Let $\varepsilon > 0$. Choose $N = \frac{1 - \varepsilon ^2}{2\varepsilon}$ and let $n > N$. Then $n > \frac{1 - \varepsilon ^2}{2\varepsilon}$. Thus $2n\varepsilon > 1 - \varepsilon^2$, $\varepsilon^2 + 2n\varepsilon > 1$, $\varepsilon^2 + 2n\varepsilon + n^2 = (\varepsilon + n)^2 > 1 + n^2$, $\varepsilon + n > \sqrt{1 + n^2}$, and $\varepsilon > \sqrt{n^2 + 1} - n$. Hence $| \sqrt{n^2 + 1} - n - 0 | = \sqrt{n^2 + 1} - n < \varepsilon.$ Therefore, $\lim _{n\to \infty} (\sqrt{n^2 + 1} - n) = 0$.
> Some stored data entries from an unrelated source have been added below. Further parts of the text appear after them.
(** * Enumeration of the partitions of a given perimeter *)

Lemma mem_all_seqs n k s : size s <= n -> all (leq^~ k) s -> s \in all_seqs n k.
Proof.
elim: n s => [|n IH] [|x t] // st /andP[xk tk]; rewrite in_cons; apply/orP; right.
by apply: (allpairs_f (fun x t => x :: t)); rewrite ?mem_iota //; apply: IH.
Qed.

Lemma mem_parts_perim P M s :
  (s \in parts_perim P M) = [&& is_partition s, s != [::], perimeter s == M & P s].
Proof.
rewrite mem_filter mem_undup andb_idr // => /and4P[+ s0 /eqP <- _].
case: s s0 => [|a t] // _ /andP[/= + /andP[a0 _]].
rewrite (path_sortedE geqn_trans) perimeter_cons => /andP[ta _].
apply: mem_all_seqs => /=; first by rewrite addnC -addn1 leq_add2l.
by rewrite leq_addr; apply: sub_all ta => x /= /leq_trans; apply; exact: leq_addr.
Qed.

Lemma parts_perim_pos P M s : s \in parts_perim P M -> all (fun x => 0 < x) s.
Proof. by rewrite mem_parts_perim => /andP[/andP[]]. Qed.

Lemma uniq_parts_perim P M : uniq (parts_perim P M).
Proof. by rewrite filter_uniq ?undup_uniq. Qed.

Lemma uniq_map_parts_perim (f : seq nat -> seq nat) P M :
  injective f -> uniq (map f (parts_perim P M)).
Proof. by move=> f_inj; rewrite map_inj_uniq ?uniq_parts_perim. Qed.

Lemma mem_parts_perim_rcons (P Q : pred (seq nat)) M t y :
  0 < y <= M -> P (rcons t y) = Q t ->
  (rcons t y \in parts_perim P M.+1) = (y <= last y t) && (t \in parts_perim Q M).
Proof.
case/andP=> y0 yM PQ; rewrite !mem_parts_perim is_partition_rcons y0 PQ.
case: t => [|a t] /= in PQ *.
  by rewrite /perimeter /= addn1 /=; case: eqP yM => [->|_]; rewrite ?ltnn ?andbF.
rewrite !perimeter_cons size_rcons addnS eqSS.
by case: (is_partition _); case: (y <= _).
Qed.

Lemma mem_parts_perim_rcons1 (P Q : pred (seq nat)) M t :
  0 < M -> P (rcons t 1) = Q t ->
  (rcons t 1 \in parts_perim P M.+1) = (t \in parts_perim Q M).
Proof.
move=> M0 PQ; rewrite (mem_parts_perim_rcons (Q := Q)) ?M0 //.
by apply: andb_idl; rewrite mem_parts_perim => /and3P[/last_pos + t0 _]; apply.
Qed.

Lemma mem_parts_perim_shift (P Q : pred (seq nat)) M c u :
  0 < c -> all (fun x => 0 < x) u -> P (map (addn c) u) = Q u ->
  (map (addn c) u \in parts_perim P (M + c)) = (u \in parts_perim Q M).
Proof.
move=> c0 u0 PQ; rewrite !mem_parts_perim is_partition_shift // PQ /is_partition u0 andbT.
by case: u {u0 PQ} => [|a u] //; rewrite perimeter_shift // eqn_add2r.
Qed.

(** * Odd parts and distinct parts *)

Lemma all_odd_shift2 u : all odd (map (addn 2) u) = all odd u.
Proof. by elim: u => //= a u ->; rewrite negbK. Qed.

Lemma mem_Gset_rcons1 M t : 0 < M -> (rcons t 1 \in Gset M.+1) = (t \in Gset M).
Proof. by move=> M0; apply: mem_parts_perim_rcons1 => //=; rewrite all_rcons. Qed.

Lemma mem_Gset_shift2 M u : (map (addn 2) u \in Gset M.+2) = (u \in Gset M).
Proof.
have [u_odd | u_even] := boolP (all odd u).
  rewrite -[M.+2]addn2; apply: mem_parts_perim_shift; rewrite //= ?all_odd_shift2 //.
  by apply: sub_all u_odd => x; apply: odd_gt0.
by rewrite !mem_parts_perim /= all_odd_shift2 (negbTE u_even) !andbF.
Qed.

Lemma Gset_rec M : 0 < M ->
  perm_eq (Gset M.+2) ([seq rcons t 1 | t <- Gset M.+1] ++ [seq map (addn 2) t | t <- Gset M]).
Proof.
move=> M0; apply: uniq_perm; first exact: uniq_parts_perim.
  apply: (@uniq_cat_separated _ (fun s : seq nat => 1 \in s)).
  - exact/uniq_map_parts_perim/rcons_injl.
  - exact/uniq_map_parts_perim/inj_map/addnI.
  - by apply/allP => _ /mapP[t _ ->]; rewrite mem_rcons mem_head.
  - by apply/allP => _ /mapP[t _ ->] /=; apply/mapP => -[x _]; lia.
move=> s; rewrite mem_cat; apply/idP/orP => [|[] /mapP[t + ->]]; last 2 first.
- by rewrite -mem_Gset_rcons1.
- by rewrite -mem_Gset_shift2.
case/lastP: s => [|t y]; first by rewrite mem_parts_perim.
move=> /[dup] Hs; rewrite mem_parts_perim => /and4P[Hp _ _].
rewrite all_rcons => /andP[y_odd _].
have [y1 | y1] := eqVneq y 1; first by subst y; left; apply: map_f; rewrite -mem_Gset_rcons1.
have y3 : 2 < y by case: y y_odd y1 {Hs Hp} => [|[|[|y]]].
have [u Es u0] := is_partition_rcons_unshift Hp y3.
by right; rewrite Es in Hs *; apply: map_f; rewrite -mem_Gset_shift2.
Qed.

Lemma mem_Hset_shift1 M u :
  all (fun x => 0 < x) u -> (map (addn 1) u \in Hset M.+1) = (u \in Hset M).
Proof.
by move=> u0; rewrite -[M.+1]addn1; apply: mem_parts_perim_shift => //=; rewrite (map_inj_uniq (@addnI 1)).
Qed.

Lemma mem_Hset_rcons1_shift1 M u :
  all (fun x => 0 < x) u -> (rcons (map (addn 1) u) 1 \in Hset M.+2) = (u \in Hset M).
Proof.
move=> u0; rewrite (@mem_parts_perim_rcons1 _ uniq) //; last by rewrite rcons_uniq notin_shift.
by rewrite -[M.+1]addn1; apply: mem_parts_perim_shift => //=; rewrite (map_inj_uniq (@addnI 1)).
Qed.

Lemma Hset_rec M : 0 < M ->
  perm_eq (Hset M.+2)
    ([seq map (addn 1) t | t <- Hset M.+1] ++ [seq rcons (map (addn 1) t) 1 | t <- Hset M]).
Proof.
move=> M0; apply: uniq_perm; first exact: uniq_parts_perim.
  apply: (@uniq_cat_separated _ (fun s : seq nat => 1 \notin s)).
  - exact/uniq_map_parts_perim/inj_map/addnI.
  - exact/uniq_map_parts_perim/(inj_comp (@rcons_injl _ 1))/inj_map/addnI.
  - by apply/allP => _ /mapP[t /parts_perim_pos t0 ->]; apply: notin_shift.
  - by apply/allP => _ /mapP[t _ ->]; rewrite /= negbK mem_rcons mem_head.
move=> s; rewrite mem_cat; apply/idP/orP => [|[] /mapP[t Ht ->]]; last 2 first.
- by rewrite mem_Hset_shift1 ?(parts_perim_pos Ht).
- by rewrite mem_Hset_rcons1_shift1 ?(parts_perim_pos Ht).
case/lastP: s => [|t y]; first by rewrite mem_parts_perim.
move=> Hs; have := Hs; rewrite mem_parts_perim => /and4P[Hp _ _].
rewrite rcons_uniq => /andP[yt _].
have [y1 | y1] := eqVneq y 1.
  subst y; right; have /all_gt_unshift[u Et u0] := is_partition_rcons_gt Hp yt.
  by rewrite Et in Hs *; apply: map_f; rewrite -(mem_Hset_rcons1_shift1 _ u0).
have y2 : 1 < y by move: Hp; rewrite is_partition_rcons => /and3P[_ y0 _]; lia.
have [u Es u0] := is_partition_rcons_unshift Hp y2.
by left; rewrite Es in Hs *; apply: map_f; rewrite -(mem_Hset_shift1 _ u0).
Qed.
How should I find $N$? Also, are there any other errors in this proof?

Answer 1

$$\lim _{n\to \infty} (\sqrt{n^2 + 1} - n) =\lim _{n\to \infty} \frac{(\sqrt{n^2 + 1} - n)(\sqrt{n^2 + 1} + n)}{\sqrt{n^2 + 1} + n}\\ = \lim _{n\to \infty} \frac{n^2 + 1-n^2}{\sqrt{n^2 + 1} + n}=\lim _{n\to \infty} \frac{1}{\sqrt{n^2 + 1} + n}=0.$$

Answer 2

Another way using Taylor series $$A=\sqrt{n^2 + 1} - n=n\Big(\sqrt{1+\frac{1}{n^2}}-1\Big)$$ Remembert that, for samm values of $x$, $$\sqrt{1+x} =1+\frac{x}{2}-\frac{x^2}{8}+O\left(x^3\right)$$ Replace $x$ by $\frac{1}{n^2}$ so $$\sqrt{1+\frac{1}{n^2}}-1=1+\frac{1}{2 n^2}-\frac{1}{8} \left(\frac{1}{n^2}\right)^2+\cdots-1=\frac{1}{2 n^2}-\frac{1}{8} \left(\frac{1}{n^2}\right)^2+\cdots$$ Finally, $$A=\frac{1}{2 n}-\frac{1}{8n^3}+\cdots$$ which shows the limit and how it is approched.

Answer 3

For any positive $c$, $(n+\frac{c}{2n})^2 =n^2+c+\frac{c^2}{4n^2} > n^2+c $, so $\sqrt{n^2+c} <n+\frac{c}{2n} $.

Therefore, if $c > 0$, $n <\sqrt{n^2+c} <n+\frac{c}{2n} $ so $\lim_{n \to \infty} \sqrt{n^2+c}-n = 0 $.

You can prove this when $c < 0$ similarly.